**Exercise data**
..............................

Lemma component_sub : C \subset Z.
Proof. exact: subset_trans component_core (core_sub _ _ _ _). Qed.

Lemma component_parity : odd (prs pr C) = a.
Proof.
have C0 : 0 < #|C| by apply/card_gt0P; exists x0.
have [m mC m_max] := eq_bigmax_cond pr C0; rewrite /prs m_max.
have [c cyc cC] := bscc_cycle bC x0C Hx0y0 mC.
have region_cyc : cycle (region_graph Z s) (m :: c).
  have /subsetP YZ := core_sub W a s Z.
  by apply: (sub_cycle _ cyc) => x y /and3P[/YZ xZ /YZ yZ Hxy]; rewrite /region_graph xZ yZ.
rewrite -(attr_cycles I _ region_cyc) //; congr odd; symmetry.
apply: (bigmax_seq_eq _ (mem_head m c)) => // y; rewrite inE => /predU1P[->//|/cC yC].
by rewrite -m_max; apply: (leq_bigmax_cond (P := mem C)).
Qed.

Lemma hgraph_tgraph x y : x \in C -> y \in C ->
  H x y = tgraph owner E pr C (restrict s C) x y.
Proof.
move=> xC yC; have /subsetP CY := component_core; have /subsetP CZ := component_sub.
rewrite /hgraph /tgraph xC yC !CY // component_parity /restrict ffunE xC /=.
by case: ifP; rewrite // (subsetP (attr_sub I)) ?CZ ?andbT.
Qed.

Lemma component_opponent u y : u \in C -> owner u != a -> y \in W -> E u y -> y \in C.
Proof.
move=> uC ou yW Euy; have uY := subsetP component_core u uC.
apply: (bscc_closed bC) uC _.
by rewrite /hgraph uY (core_opponent uY ou yW Euy) (negbTE ou) Euy yW.
Qed.

Lemma component_tangle : is_tangle owner E pr (C, restrict s C).
Proof.
rewrite /is_tangle /= component_parity; split.
- by apply/set0Pn; exists x0.
- move=> v vC ov; have vY := subsetP component_core v vC.
  have [w sv wY] := core_strat vY ov.
  have Hvw : H v w by rewrite /hgraph vY wY ov eqxx sv /=.
  have [_ _ Evw _] := attr_strat I sv.
  by exists w; rewrite ?(bscc_closed bC vC Hvw) // /restrict ffunE vC.
- by move=> v w; rewrite /restrict ffunE; case: ifP => // vC /(attr_strat I)[].
- move=> u v uC vC; have /connectP [p up ->] := bscc_connect bC uC vC.
  have pC : all [in C] (u :: p).
    apply/allP=> z /(path_connect up).
    exact: (connect_closed (A := C)) (bscc_closed bC) uC.
  apply/connectP; exists p => //; apply: (sub_in_path _ pC up).
  by move=> x y xC yC; rewrite hgraph_tgraph.
move=> c c0 cyc; apply: (attr_cycles I c0); apply: (sub_cycle _ cyc) => x y txy.
have /and3P[xC yC _] := txy; rewrite -hgraph_tgraph // in txy.
have /subsetP CZ := component_sub.
by have /and3P[_ _ e] := txy; rewrite /region_graph !CZ.
Qed.

End Component.

Lemma extract_tangle Z s t : attr_inv Z s -> t \in extract owner E W a s Z ->
  [/\ is_tangle owner E pr t, tpl pr t = a, t.1 \subset Z &
      escapes owner E pr setT t \subset R].
Proof.
move=> I /imsetP[C]; rewrite inE => /andP[bC /exists_inP[x0 x0C /exists_inP[y0 _ Hx0y0]]] ->.
have tg := component_tangle I bC x0C Hx0y0.
have par := component_parity I bC x0C Hx0y0.
split=> //=; first exact: component_sub bC x0C Hx0y0.
apply/subsetP=> y; rewrite !inE /tpl /= par => /andP[yC /exists_inP[u uC /andP[ou Euy]]].
apply: contraT => yR; have := component_opponent bC x0C Hx0y0 uC ou _ Euy.
by rewrite in_setC yR (negbTE yC) => /(_ isT).
Qed.

End Attractor.

(* The last clause is what makes the tangles extracted at the end of a round new. *)
Definition round_inv (T : {set tangle V}) (R : {set V}) : Prop :=
  [/\ tangles T,
      forall v, v \in ~: R -> exists2 w, w \in ~: R & E v w &
      forall t, t \in T -> t.1 \subset ~: R -> escapes owner E pr setT t \subset R ->
        escapes owner E pr setT t = set0].

Definition state_inv (st : sstate V) : Prop :=
  match st with
  | SLoop T Y R => [/\ round_inv T R, tangles Y & (~: R == set0 -> ~~ (Y \subset T))]
  | SAttr T Y R Z s => [/\ round_inv T R, tangles Y, ~: R != set0 & attr_inv R Z s]
  | SDone _ t => is_tangle owner E pr t /\ dominion owner E pr (tpl pr t) t.1
  end.

Lemma owner_neq (b : bool) v : owner v != b -> owner v = ~~ b.
Proof. by case: (owner v); case: b. Qed.

Section Saturated.
Variables (T Y : {set tangle V}) (R Z : {set V}) (s : strat V).
Hypothesis inv : state_inv (SAttr T Y R Z s).
Hypothesis stuck : forall zs, ~ astep owner E pr T R (Z, s) zs.
Local Notation a := (sub_pl pr R).
Local Notation X := (extract owner E (~: R) a s Z).

Lemma saturated_total v : v \in ~: (R :|: Z) -> exists2 w, w \in ~: (R :|: Z) & E v w.
Proof.
have [[_ total _] _ _ _] := inv.
rewrite setCU !inE => /andP[vR vZ]; have vW : v \in ~: R by rewrite inE.
have [/eqP ov|/owner_neq ov] := boolP (owner v == a).
  have [w wW Evw] := total v vW; exists w => //; rewrite inE wW inE.
  by apply/negP=> wZ; apply: stuck (AS_pl pr _ _ s vW vZ ov Evw wZ).
apply: contrapT => no_exit; apply: stuck (AS_op pr _ _ s vW vZ ov _) => w wW Evw.
by apply: contrapT => wZ; apply: no_exit; exists w; rewrite // inE wW inE; apply/negP.
Qed.

Lemma saturated_no_trapped t : t \in T -> t.1 \subset ~: (R :|: Z) ->
  escapes owner E pr setT t \subset R :|: Z -> escapes owner E pr setT t = set0.
Proof.
have [[_ _ trapped] _ _ _] := inv; move=> tT tRZ esc.
have tW : t.1 \subset ~: R by apply: subset_trans tRZ _; rewrite setCU subsetIl.
have [|/subsetPn [y y_esc yR]] := boolP (escapes owner E pr setT t \subset R).
  exact: trapped.
have yZ : y \in Z by move: (subsetP esc y y_esc); rewrite inE (negbTE yR).
move: (y_esc); rewrite !inE /= => /andP[yt /exists_inP[u ut /andP[ou Euy]]].
have := subsetP tRZ u ut; rewrite setCU !inE => /andP[uR uZ].
have uW : u \in ~: R by rewrite inE.
have [ta|ta] := eqVneq (tpl pr t) a; last first.
  have ou' : owner u = a by move: ou ta; case: (owner u); case: (tpl pr t); case: (a).
  by case: (stuck (AS_pl pr _ _ s uW uZ ou' Euy yZ)).
have tS : t \in subT T R by rewrite inE tT.
have escW : escapes owner E pr (~: R) t \subset Z.
  apply/subsetP=> x; rewrite !inE => /andP[xR x_esc].
  have : x \in escapes owner E pr setT t by rewrite !inE.
  by move/(subsetP esc); rewrite inE (negbTE xR).
have esc0 : escapes owner E pr (~: R) t != set0.
  by apply/set0Pn; exists y; rewrite !inE yR yt; apply/exists_inP; exists u; rewrite ?ou.
have tZ : ~~ (t.1 \subset Z) by apply/subsetPn; exists u.
by case: (stuck (AS_tg _ s tS ta esc0 escW tZ)).
Qed.

Lemma saturated_extract : ~: (R :|: Z) = set0 -> exists t, t \in X.
Proof.
have [[_ total _] _ R0 I] := inv; move=> full.
have inZ x : x \in ~: R -> x \in Z.
  move=> xW; apply: contraT => xZ.
  have : x \in ~: (R :|: Z) by rewrite setCU inE xW inE.
  by rewrite full inE.
have strat v : v \in Z -> owner v = a -> exists2 w, s v = Some w & w \in Z.
  move=> vZ ov; case sv: (s v) => [w|]; first by exists w => //; have [] := attr_strat I sv.
  have vA := attr_undef I vZ ov sv; have [w wW Evw] := total v (subsetP (attr_sub I) v vZ).
  by case: (stuck (AS_base pr _ vA ov sv wW Evw (inZ w wW))).
have /subsetP ZY : Z \subset core owner E (~: R) a s Z.
  apply: core_max => //; apply/forall_inP=> v vZ; case: ifP => [/eqP ov|_].
    by have [w -> wZ] := strat v vZ ov.
  by apply/forall_inP=> w wW; apply/implyP=> _; apply: inZ.
have /subsetP YZ := core_sub (~: R) a s Z.
have [v0 v0A] := sub_base_nonempty R0; have v0Z := subsetP (attr_base I) v0 v0A.
pose H := hgraph owner E (~: R) a s (core owner E (~: R) a s Z).
have [C /andP[bC edge]] : exists C, bscc H C && [exists x in C, exists y in C, H x y].
  apply: (bscc_exists (x0 := v0)) => x /(connect_closed (A := Z)) xZ.
  have {}xZ : x \in Z by apply: xZ v0Z => u w _ /and3P[_ /YZ].
  have [/eqP ox|ox] := boolP (owner x == a).
    by have [w sx wZ] := strat x xZ ox; exists w; rewrite /H /hgraph !ZY // ox sx !eqxx.
  have [w wW Exw] := total x (subsetP (attr_sub I) x xZ).
  by exists w; rewrite /H /hgraph (negbTE ox) Exw wW !ZY ?(inZ w wW).
by exists (C, restrict s C); apply/imsetP; exists C; rewrite // inE bC.
Qed.
(* In the two-unicast setting, suppose $k_{1-2}+k_{2-1}\ge\min(k_{12-1},k_{12-2})$ and $k_{2-1}\le k_{2-2}$. Set $R_2^{**}=k_{2-1}$ and $R_1^{**}=\min(k_{12-1},k_{12-2})-k_{2-1}$. Let the field $GF(q)$ and the local coding coefficients at the non-source nodes be fixed so that $\mathrm{rank}(H_{ij})=k_{j-i}$ and $\mathrm{rank}([H_{i1}~H_{i2}])=k_{12-i}$ for $i,j\in\{1,2\}$, and let $M_1$ ($k_{1-12}\times R_1^{**}$) and $M_2$ ($k_{2-12}\times R_2^{**}$) be full column rank source encoding matrices such that $[H_{i1}M_1~~H_{i2}M_2]$ has full column rank $R_1^{**}+R_2^{**}$ for $i=1,2$. Then every pair of nonnegative integers $(R_1,R_2)$ with $$R_1\le\min(k_{12-1},k_{12-2})-k_{2-1},\qquad R_2\le k_{2-2},\qquad R_1+R_2\le\mathrm{rank}([H_{21}M_1~~H_{22}])$$ is achievable.
   Context: $G=(V,E)$ is a directed acyclic network with unit-capacity edges (each carrying one symbol of $GF(q)$ per use), sources $s_1,s_2$ (no incoming edges), terminals $t_1,t_2$ (no outgoing edges); $t_i$ wants the message of $s_i$. $k_{N_1-N_2}$ is the min-cut from $\{s_i:i\in N_1\}$ to $\{t_j:j\in N_2\}$. W.l.o.g. $s_i$ has exactly $k_{i-12}$ outgoing edges and $t_i$ has exactly $k_{12-i}$ incoming edges. For a linear network code over $GF(q)$ with fixed local coefficients at non-source nodes, $H_{ij}$ is the $k_{12-i}\times k_{j-12}$ matrix such that the vector of symbols on the incoming edges of $t_i$ equals $H_{i1}Y_1+H_{i2}Y_2$, where $Y_j$ is the vector of symbols on the outgoing edges of $s_j$; the source encoding is $Y_j=M_jU_j$ with $U_j$ the message vector of $s_j$. $(R_1,R_2)$ is achievable if for some finite field $GF(q)$ there is a linear network code such that, when $s_i$ observes $R_i$ independent symbols of $GF(q)$, $t_1$ uniquely recovers $s_1$'s message and $t_2$ uniquely recovers $s_2$'s message. *)

From HB Require Import structures.
From mathcomp Require Import all_boot all_order all_algebra.
Set Implicit Arguments. Unset Strict Implicit. Unset Printing Implicit Defensive.
Import GRing.Theory.
Local Open Scope ring_scope.

Section Network.
(* A network: finite node type V, finite edge type E (multi-edges allowed),
   each edge e goes from node [tail e] to node [head e]; unit capacity. *)
Variables (V E : finType) (tail head : E -> V).

Definition out_edges (v : V) : {set E} := [set e | tail e == v].
Definition in_edges (v : V) : {set E} := [set e | head e == v].

Definition adj_minus (C : {set E}) : rel V :=
  fun u w => [exists e, [&& e \notin C, tail e == u & head e == w]].

Definition acyclic : Prop :=
  forall e : E, ~~ connect (adj_minus set0) (head e) (tail e).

..............................

**Work order**
In the listing above, find the line containing "by rewrite -m_max;" and the line containing "exact: (connect_closed (A". Output them and every line between, exactly, and nothing else.

**Task solution**
by rewrite -m_max; apply: (leq_bigmax_cond (P := mem C)).
Qed.

Lemma hgraph_tgraph x y : x \in C -> y \in C ->
  H x y = tgraph owner E pr C (restrict s C) x y.
Proof.
move=> xC yC; have /subsetP CY := component_core; have /subsetP CZ := component_sub.
rewrite /hgraph /tgraph xC yC !CY // component_parity /restrict ffunE xC /=.
by case: ifP; rewrite // (subsetP (attr_sub I)) ?CZ ?andbT.
Qed.

Lemma component_opponent u y : u \in C -> owner u != a -> y \in W -> E u y -> y \in C.
Proof.
move=> uC ou yW Euy; have uY := subsetP component_core u uC.
apply: (bscc_closed bC) uC _.
by rewrite /hgraph uY (core_opponent uY ou yW Euy) (negbTE ou) Euy yW.
Qed.

Lemma component_tangle : is_tangle owner E pr (C, restrict s C).
Proof.
rewrite /is_tangle /= component_parity; split.
- by apply/set0Pn; exists x0.
- move=> v vC ov; have vY := subsetP component_core v vC.
  have [w sv wY] := core_strat vY ov.
  have Hvw : H v w by rewrite /hgraph vY wY ov eqxx sv /=.
  have [_ _ Evw _] := attr_strat I sv.
  by exists w; rewrite ?(bscc_closed bC vC Hvw) // /restrict ffunE vC.
- by move=> v w; rewrite /restrict ffunE; case: ifP => // vC /(attr_strat I)[].
- move=> u v uC vC; have /connectP [p up ->] := bscc_connect bC uC vC.
  have pC : all [in C] (u :: p).
    apply/allP=> z /(path_connect up).
    exact: (connect_closed (A := C)) (bscc_closed bC) uC.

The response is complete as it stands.